What is Equity Release?

Equity release is an often misunderstood or altogether overlooked financial product which enables you to release the equity (cash) tied up in your home. A range of products available to those over the age of 55, equity release schemes have no fixed term and allow you to remain living in your home for the rest of your life, unless you are required to move into long term care.


When considering Equity Release

Freeing up a lump sum of cash from the equity built up in your home can help fund retirement in the lifestyle you desire. It can also be a consideration for tax planning reasons.

Yet, while receiving a lump sum of cash sounds great, opting for equity release can be a big decision that shouldn’t be taken lightly, which is why it is recommended you seek advice from a financial adviser with a qualification in equity release before going ahead with entering an equity release scheme. Browse our list of equity release advisers to find one in your area.


How does Equity Release work?

Equity release schemes typically fall into two broad types – lifetime mortgages and home reversion schemes. While equity release schemes are only available to those over the age of 55, it is worth reviewing the details as different limits can apply to different schemes. When searching for equity release products, you may come across sale-and-rent-back schemes. Be wary of these as they are not a type of equity release.
 

Lifetime Mortgages

Lifetime mortgages, or “roll-up” mortgages as they are sometimes referred to, allow you to take out a loan secured against the value of your home. Typically, you can borrow around 20% to 50% of the value of your property, depending on the lender and your age, at a fixed interest rate of between 6% to 8%.

However, unlike traditional mortgages, you are not required to pay anything back until you die, move permanently into long term care or your house is sold. Instead, over the period of your lifetime mortgage, the interest is compounded either monthly or annually and added to your loan, or “rolled-up”, and the loan plus interest is then repaid when the house is sold.

The downside of this type of scheme is that your debt can accumulate quickly and you may find yourself with insufficient equity should you decide to move to a different property, or require equity for other purposes. This can be a potential pitfall, especially with the recent decline in house prices on the property market. Many lenders however, offer a “no negative equity guarantee”, which ensures you can never owe more than your house is worth.
 

Home Reversion Schemes

Home reversion schemes involve selling part of, or all of your property to a reversion company in return for a lump sum of cash. When you sell your share, you will not receive the full market rate, instead between 20% and 60% is the typical going rate, though this can vary depending upon your age and gender. While someone else will now own part of, or all of your home, you will be allowed to continue living in it until you die or move out.

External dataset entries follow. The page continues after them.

Lemma qform_add_potential {X} (K : X -> X -> R) (g : X -> R) m : mass m = 0 ->
  qform (fun x y => K x y + g x + g y) m = qform K m.
Proof.
  intro Hm. rewrite !qform_add. unfold qform at 2 3.
  rewrite (lsum_ext m _ (fun p => lsum m (fun q => (snd p * g (fst p)) * snd q))),
    (lsum_ext m (fun p => lsum m (fun q => _ * g (fst q)))
      (fun p => lsum m (fun q => snd p * (snd q * g (fst q))))),
    !lsum_mul.
  - fold (mass m). rewrite Hm. ring.
  - intro p. apply lsum_ext; intro q. ring.
  - intro p. apply lsum_ext; intro q. ring.
Qed.

Lemma qform_cons_zero {X} (K : X -> X -> R) x c m :
  (forall y, K x y = 0) -> (forall y, K y x = 0) -> qform K ((x, c) :: m) = qform K m.
Proof.
  intros Kx Kx'. unfold qform. rewrite !lsum_cons. simpl. rewrite Kx, lsum_0.
  - rewrite (lsum_ext m (fun p => _ + _)
      (fun p => lsum m (fun q => snd p * snd q * K (fst p) (fst q)))).
    + ring.
    + intro p. rewrite Kx'. ring.
  - intros q _. rewrite Kx. ring.
Qed.

Lemma qform_lsum_kernel {X A} (L : list A) (K : A -> X -> X -> R) m :
  qform (fun x y => lsum L (fun a => K a x y)) m = lsum L (fun a => qform (K a) m).
Proof.
  unfold qform. symmetry. rewrite lsum_exchange. apply lsum_ext; intro p.
  rewrite lsum_exchange. apply lsum_ext; intro q. rewrite <- lsum_mull. reflexivity.
Qed.
Section Homomorphisms.
Context {A B : Group} (f : A -> B).
Hypothesis f_hom : is_hom f.

Lemma hom1 : f 1 = 1.
Proof. apply (mulgI (f 1)). rewrite <- f_hom, !gmul1r. reflexivity. Qed.
Lemma homV x : f (x^-1) = (f x)^-1.
Proof. symmetry. apply invg_unique. rewrite <- f_hom, gmulVr. exact hom1. Qed.
End Homomorphisms.

Lemma hom_inverse {A B : Group} (f : A -> B) (g : B -> A) :
  is_hom f -> (forall x, g (f x) = x) -> (forall y, f (g y) = y) -> is_hom g.
Proof.
  intros f_hom gK fK x y. rewrite <- (fK x), <- (fK y) at 1. rewrite <- f_hom. apply gK.
Qed.

Lemma is_aut_comp {A : Group} {f g : A -> A} : is_aut f -> is_aut g -> is_aut (comp_lr f g).
Proof.
  intros [f_hom [f' [f'K fK]]] [g_hom [g' [g'K gK]]]. unfold comp_lr. split.
  - intros x y. rewrite f_hom, g_hom. reflexivity.
  - exists (fun x => f' (g' x)). split; intro x; rewrite ?g'K, ?f'K, ?fK, ?gK; reflexivity.
Qed.

Lemma is_aut_conj {A : Group} {f : A -> A} (g : A) : is_aut f -> is_aut (fun x => g^-1 * f x * g).
Proof.
  intros [f_hom [f' [f'K fK]]]. split.
  - intros x y. rewrite f_hom. gsimpl. reflexivity.
  - exists (fun y => f' (g * y * g^-1)). split; intro x.
    + gsimpl. apply f'K.
    + rewrite fK. gsimpl. reflexivity.
Qed.

Lemma subgroupV {H : Group} (S : H -> Prop) x : subgroup S -> S (x^-1) <-> S x.
Proof.
  intros [_ [_ SV]]. split; intro Sx; [rewrite <- (invgK x)|]; apply SV; exact Sx.
Qed.

Lemma subgroupMl {H : Group} (S : H -> Prop) x y :
  subgroup S -> S x -> S (x * y) <-> S y.
Proof.
  intros [_ [SM SV]] Sx. split; intro Sy.
  - rewrite <- (mulKg x y). apply SM; auto.
  - apply SM; auto.
Qed.

Section NormalizersCentralizers.
Context {H : Group}.

Lemma normalizerM (S : H -> Prop) b b' :
  normalizer S b -> normalizer S b' -> normalizer S (b * b').
Proof.
  intros Nb Nb' k. rewrite (Nb k), (Nb' (b^-1 * k * b)). gsimpl. reflexivity.
Qed.

Lemma normalizer1 (S : H -> Prop) : normalizer S 1.
Proof. intro k. gsimpl. reflexivity. Qed.

Lemma normalizer_image (K : H -> Prop) (phi : H -> H) b :
  is_hom phi -> normalizer K b -> normalizer (image phi K) (phi b).
Proof.
  intros phi_hom Nb s. split.
  - intros [k [Kk <-]]. exists (b^-1 * k * b). split; [exact (proj1 (Nb k) Kk)|].
    rewrite !phi_hom, (homV _ phi_hom). reflexivity.
  - intros [k [Kk Ek]]. exists (b * k * b^-1). split.
    + apply (Nb (b * k * b^-1)). gsimpl. exact Kk.
    + rewrite !phi_hom, (homV _ phi_hom), Ek. gsimpl. reflexivity.
Qed.

Lemma centralizerM (S : H -> Prop) c c' :
  centralizer S c -> centralizer S c' -> centralizer S (c * c').
Proof. intros Cc Cc' s Ss. rewrite <- gmulA, Cc', gmulA, Cc, gmulA by exact Ss. reflexivity. Qed.

Lemma centralizer_conj (S : H -> Prop) n c :
  normalizer S n -> centralizer S c -> centralizer S (n * c * n^-1).
Proof.
  intros Nn Cc s Ss.
  replace (n * c * n^-1 * s) with (n * (c * (n^-1 * s * n)) * n^-1) by (gsimpl; reflexivity).
  rewrite Cc by exact (proj1 (Nn s) Ss). gsimpl. reflexivity.
Qed.

Lemma centralizer_center (S : H -> Prop) z : center z -> centralizer S z.
Proof. intros Cz s _. apply Cz. Qed.
End NormalizersCentralizers.

Lemma gamma_hom {H : Group} (b : H) : is_hom (gamma b).
Proof. intros x y. unfold gamma. gsimpl. reflexivity. Qed.

Lemma gammaK {H : Group} (b h : H) : gamma (b^-1) (gamma b h) = h.
Proof. unfold gamma. gsimpl. reflexivity. Qed.

Lemma same_outer_refl {G : Group} (alpha : G -> G) : same_outer alpha alpha.
Proof. exists 1. intro x. gsimpl. reflexivity. Qed.

Lemma same_cosetZK_refl {H : Group} (K : H -> Prop) b : subgroup K -> same_cosetZK K b b.
Proof. intro K_sub. exists 1, 1. split; [apply center1|split; [apply K_sub|gsimpl; reflexivity]]. Qed.

(** * Permutation groups *)

Record perm (T : Type) := Perm {
  pfun : T -> T; pinv : T -> T;
  pfunK : forall x, pfun (pinv x) = x; pinvK : forall x, pinv (pfun x) = x }.
Arguments Perm {T}.
Arguments pfun {T} p x.
Arguments pinv {T} p x.
Arguments pfunK {T}.
Arguments pinvK {T}.

Lemma perm_ext (T : Type) (p q : perm T) : (forall x, pfun p x = pfun q x) -> p = q.
Proof.
  destruct p as [f1 b1 e1 e2], q as [f2 b2 e3 e4]; simpl; intro E.
  assert (f1 = f2) by (apply functional_extensionality; auto). subst f2.
  assert (b1 = b2).
  { apply functional_extensionality. intro x. rewrite <- (e3 x) at 1. rewrite e2. reflexivity. }
  subst b2. rewrite (proof_irrelevance _ e1 e3), (proof_irrelevance _ e2 e4). reflexivity.
Qed.

Section SymmetricGroup.
Variable T : Type.

Definition perm_mul (p q : perm T) : perm T.
refine (Perm (fun x => pfun p (pfun q x)) (fun x => pinv q (pinv p x)) _ _);
  intro x; rewrite ?pfunK, ?pinvK; reflexivity.
Defined.
Definition perm_one : perm T := Perm (fun x => x) (fun x => x) (fun _ => eq_refl) (fun _ => eq_refl).
Definition perm_inv (p : perm T) : perm T := Perm (pinv p) (pfun p) (pinvK p) (pfunK p).

Definition Sym : Group.
refine (@MkGroup (perm T) perm_mul perm_one perm_inv _ _ _ _ _);
  intros; apply perm_ext; simpl; intros; rewrite ?pfunK, ?pinvK; reflexivity.
Defined.

Definition swap_fun (a b x : T) : T :=
  if excluded_middle_informative (x = a) then b
  else if excluded_middle_informative (x = b) then a else x.

Lemma swap_fun_l a b : swap_fun a b a = b.
Proof. unfold swap_fun. destruct (excluded_middle_informative (a = a)); congruence. Qed.

Lemma swap_fun_r a b : swap_fun a b b = a.
Proof.
  unfold swap_fun. destruct (excluded_middle_informative (b = a)); [congruence|].
  destruct (excluded_middle_informative (b = b)); congruence.
Qed.

Lemma swap_fun_id a b x : x <> a -> x <> b -> swap_fun a b x = x.
Proof.
  intros na nb. unfold swap_fun.
  destruct (excluded_middle_informative (x = a)); [tauto|].
  destruct (excluded_middle_informative (x = b)); tauto.
Qed.

Lemma swap_funK a b x : swap_fun a b (swap_fun a b x) = x.
Proof.
  destruct (classic (x = a)) as [->|na]; [rewrite swap_fun_l; apply swap_fun_r|].
  destruct (classic (x = b)) as [->|nb]; [rewrite swap_fun_r; apply swap_fun_l|].
  rewrite !(swap_fun_id a b x na nb). reflexivity.
Qed.

Definition swap (a b : T) : Sym := Perm (swap_fun a b) (swap_fun a b) (swap_funK a b) (swap_funK a b).

Lemma swap_commute (p : Sym) a b :
  pfun p a = a -> pfun p b = b -> p * swap a b = swap a b * p.
Proof.
  intros pa pb. apply perm_ext. intro x. simpl.
  destruct (classic (x = a)) as [->|na]; [rewrite swap_fun_l, pa, pb, swap_fun_l; reflexivity|].
  destruct (classic (x = b)) as [->|nb]; [rewrite swap_fun_r, pa, pb, swap_fun_r; reflexivity|].
  assert (p_inj : forall y, pfun p x = pfun p y -> x = y).
  { intros y E. rewrite <- (pinvK p x), E, pinvK. reflexivity. }
  rewrite (swap_fun_id a b x na nb), (swap_fun_id a b (pfun p x)); [reflexivity| |];
    intro E; [apply na|apply nb]; apply p_inj; congruence.
Qed.
End SymmetricGroup.

Definition ltrans {G : Group} (g : G) : Sym (G -> Prop).
refine (Perm (fun A y => A (g^-1 * y)) (fun A y => A (g * y)) _ _); intro A;
  apply functional_extensionality; intro y; rewrite ?mulKg, ?mulKVg; reflexivity.
Defined.

Lemma ltrans_hom (G : Group) : is_hom (@ltrans G).
Proof.
  intros x y. apply perm_ext. intro A. simpl.
  apply functional_extensionality. intro z. rewrite invMg, gmulA. reflexivity.
Qed.

(** * The HNN extension *)

Section HNNUniversal.
Context {H : Group} {K : H -> Prop} {phi : H -> H} {G : Group} {i : H -> G} {t : G}.
Hypothesis HN : is_HNN K phi i t.

Lemma HNN_hom : is_hom i.
Proof. apply HN. Qed.

Lemma HNN_rel k : K k -> t * i k = i (phi k) * t.
Proof. intro Kk. destruct HN as [_ [rel _]]. rewrite <- rel by exact Kk. gsimpl. reflexivity. Qed.

Lemma HNN_hom_ext (X : Group) (F1 F2 : G -> X) :
  is_hom F1 -> is_hom F2 -> (forall h, F1 (i h) = F2 (i h)) -> F1 t = F2 t ->
  forall g, F1 g = F2 g.
Proof.
  intros F1hom F2hom Ei Et.
  destruct HN as [ihom [rel U]].
  destruct (U X (fun h => F1 (i h)) (F1 t)) as [F [_ [_ [_ Funiq]]]].
  - intros x y. rewrite ihom. apply F1hom.
  - intros k Kk. rewrite <- (homV _ F1hom), <- !F1hom, rel by exact Kk. reflexivity.
  - intro g. rewrite (Funiq F1 F1hom), (Funiq F2 F2hom); auto.
Qed.

(* Translation of subsets by an element of S fixes both S and the empty set, hence
   commutes with the transposition tau exchanging them.  By uniqueness in the universal
   property every translation commutes with tau, so translation by g fixes S. *)
Lemma HNN_generated (S : G -> Prop) :
  subgroup S -> (forall h, S (i h)) -> S t -> forall g, S g.
Proof.
  intros Ssub Si St g.
  set (E := fun _ : G => False).
  set (tau := swap _ E S).
  set (conj_trans := fun x => tau^-1 * ltrans x * tau).
  assert (fix_S : forall s, S s -> pfun (ltrans s) S = S).
  { intros s Ss. apply functional_extensionality. intro y. apply propositional_extensionality.
    simpl. apply subgroupMl; [exact Ssub|]. apply Ssub. exact Ss. }
  assert (conj_trans_id : forall s, S s -> conj_trans s = ltrans s).
  { intros s Ss. unfold conj_trans, tau.
    rewrite <- gmulA, swap_commute by (reflexivity || (apply fix_S; exact Ss)).
    apply mulKg. }
  assert (E_trans : conj_trans g = ltrans g).
  { apply HNN_hom_ext; auto.
    - intros x y. unfold conj_trans. rewrite ltrans_hom. gsimpl. reflexivity.
    - apply ltrans_hom. }
  assert (SE : pfun (ltrans g) S = S).
  { transitivity (pfun tau (pfun (conj_trans g) E)).
    - change (pfun (ltrans g) S = pfun tau (pinv tau (pfun (ltrans g) (pfun tau E)))).
      rewrite pfunK, (swap_fun_l _ E S : pfun tau E = S). reflexivity.
    - rewrite E_trans. exact (swap_fun_l _ E S). }
  assert (e := f_equal (fun A => A g) SE). simpl in e. rewrite gmulVl in e.
  rewrite <- e. apply Ssub.
Qed.
End HNNUniversal.

(** * Britton's normal forms *)

Section NormalForms.
Context {H : Group} {K : H -> Prop} {phi psi : H -> H}.
Hypothesis K_sub : subgroup K.
Hypothesis phi_hom : is_hom phi.
Hypothesis phiK : forall x, psi (phi x) = x.
Hypothesis psiK : forall x, phi (psi x) = x.

Definition assoc (e : bool) : H -> Prop := if e then image phi K else K.

Lemma assoc_sub e : subgroup (assoc e).
Proof.
  destruct e; simpl; [|exact K_sub].
  destruct K_sub as [K1 [KM KV]]. split; [|split].
  - exists 1. split; [exact K1|apply hom1; exact phi_hom].
  - intros x y [a [Ka <-]] [b [Kb <-]]. exists (a * b). split; [apply KM; auto|apply phi_hom].
  - intros x [a [Ka <-]]. exists (a^-1). split; [apply KV; auto|apply homV; exact phi_hom].
Qed.

Lemma assoc1 e : assoc e 1.
Proof. apply assoc_sub. Qed.

Definition coset_rep (e : bool) (x : H) : H :=
  if excluded_middle_informative (assoc e x) then 1
  else epsilon (inhabits 1) (fun y => assoc e (x^-1 * y)).

Lemma coset_repP e x : assoc e (x^-1 * coset_rep e x).
Proof.
  unfold coset_rep. destruct (excluded_middle_informative (assoc e x)) as [Ax|_].
  - rewrite gmul1r. apply (subgroupV (assoc e) x (assoc_sub e)). exact Ax.
  - apply epsilon_spec. exists x. rewrite gmulVl. apply assoc1.
Qed.

Lemma coset_repVP e x : assoc e ((coset_rep e x)^-1 * x).
Proof.
  apply (subgroupV (assoc e) _ (assoc_sub e)). rewrite invMg, invgK. apply coset_repP.
Qed.

Lemma coset_rep_eq e x y : assoc e (x^-1 * y) -> coset_rep e x = coset_rep e y.
Proof.
  intro Axy. unfold coset_rep.
  assert (same_coset : forall z, assoc e (x^-1 * z) <-> assoc e (y^-1 * z)).
  { intro z. rewrite <- (subgroupMl (assoc e) (x^-1 * y) (y^-1 * z) (assoc_sub e) Axy). gsimpl. tauto. }
  assert (Exy : assoc e x <-> assoc e y).
  { rewrite <- (subgroupV (assoc e) x (assoc_sub e)), <- (subgroupV (assoc e) y (assoc_sub e)),
      <- (gmul1r (x^-1)), <- (gmul1r (y^-1)).
    apply same_coset. }
  replace (fun z => assoc e (x^-1 * z)) with (fun z => assoc e (y^-1 * z))
    by (apply functional_extensionality; intro z; apply propositional_extensionality,
        iff_sym, same_coset).
  destruct (excluded_middle_informative (assoc e x)), (excluded_middle_informative (assoc e y));
    tauto.
Qed.

Lemma coset_rep_in e x : assoc e x -> coset_rep e x = 1.
Proof. intro Ax. unfold coset_rep. destruct (excluded_middle_informative (assoc e x)); tauto. Qed.

Lemma coset_rep_eq1 e x : coset_rep e x = 1 -> assoc e x.
Proof.
  intro E. assert (Ax := coset_repP e x). rewrite E, gmul1r in Ax.
  apply (subgroupV (assoc e) x (assoc_sub e)). exact Ax.
Qed.

Lemma coset_repK e x : coset_rep e (coset_rep e x) = coset_rep e x.
Proof. symmetry. apply coset_rep_eq, coset_repP. Qed.

Definition shift (e : bool) : H -> H := if e then psi else phi.

Lemma shift_hom e : is_hom (shift e).
Proof. destruct e; [exact (hom_inverse phi psi phi_hom phiK psiK)|exact phi_hom]. Qed.

Lemma shift_assoc e m : assoc e m -> assoc (negb e) (shift e m).
Proof.
  destruct e; simpl.
  - intros [k [Kk <-]]. rewrite phiK. exact Kk.
  - intro Km. exists m. auto.
Qed.

(* The letter (c, true) stands for c t and (c, false) for c t^-1 (see eval_word). *)
Definition word := list (H * bool).

(* h c t^e = c' t^e (shift e (c'^-1 h c)), where c' represents the coset of h c. *)
Fixpoint act_h (h : H) (w : word) : word * H :=
  match w with
  | [] => ([], h)
  | (c, e) :: rest =>
      let c' := coset_rep e (h * c) in
      let p := act_h (shift e (c'^-1 * (h * c))) rest in
      ((c', e) :: fst p, snd p)
  end.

When your home is sold, the reversion company takes it’s share at the full market rate. However, the advantage of home reversion schemes are that they provide certainty over exactly how much of your property you will still own, as well as providing a lump sum of cash which could then be invested to accrue a greater rate of interest.
 

Choosing the right scheme

When choosing an equity release scheme, it is worth putting consideration towards how it fits with your plans for retirement to ensure that you choose a scheme that is right for you.

The FSA recommend that it is worth seeking advice from a financial adviser when considering equity release products in order to ensure that you get a scheme that is best suited to you based on your requirements and financial position.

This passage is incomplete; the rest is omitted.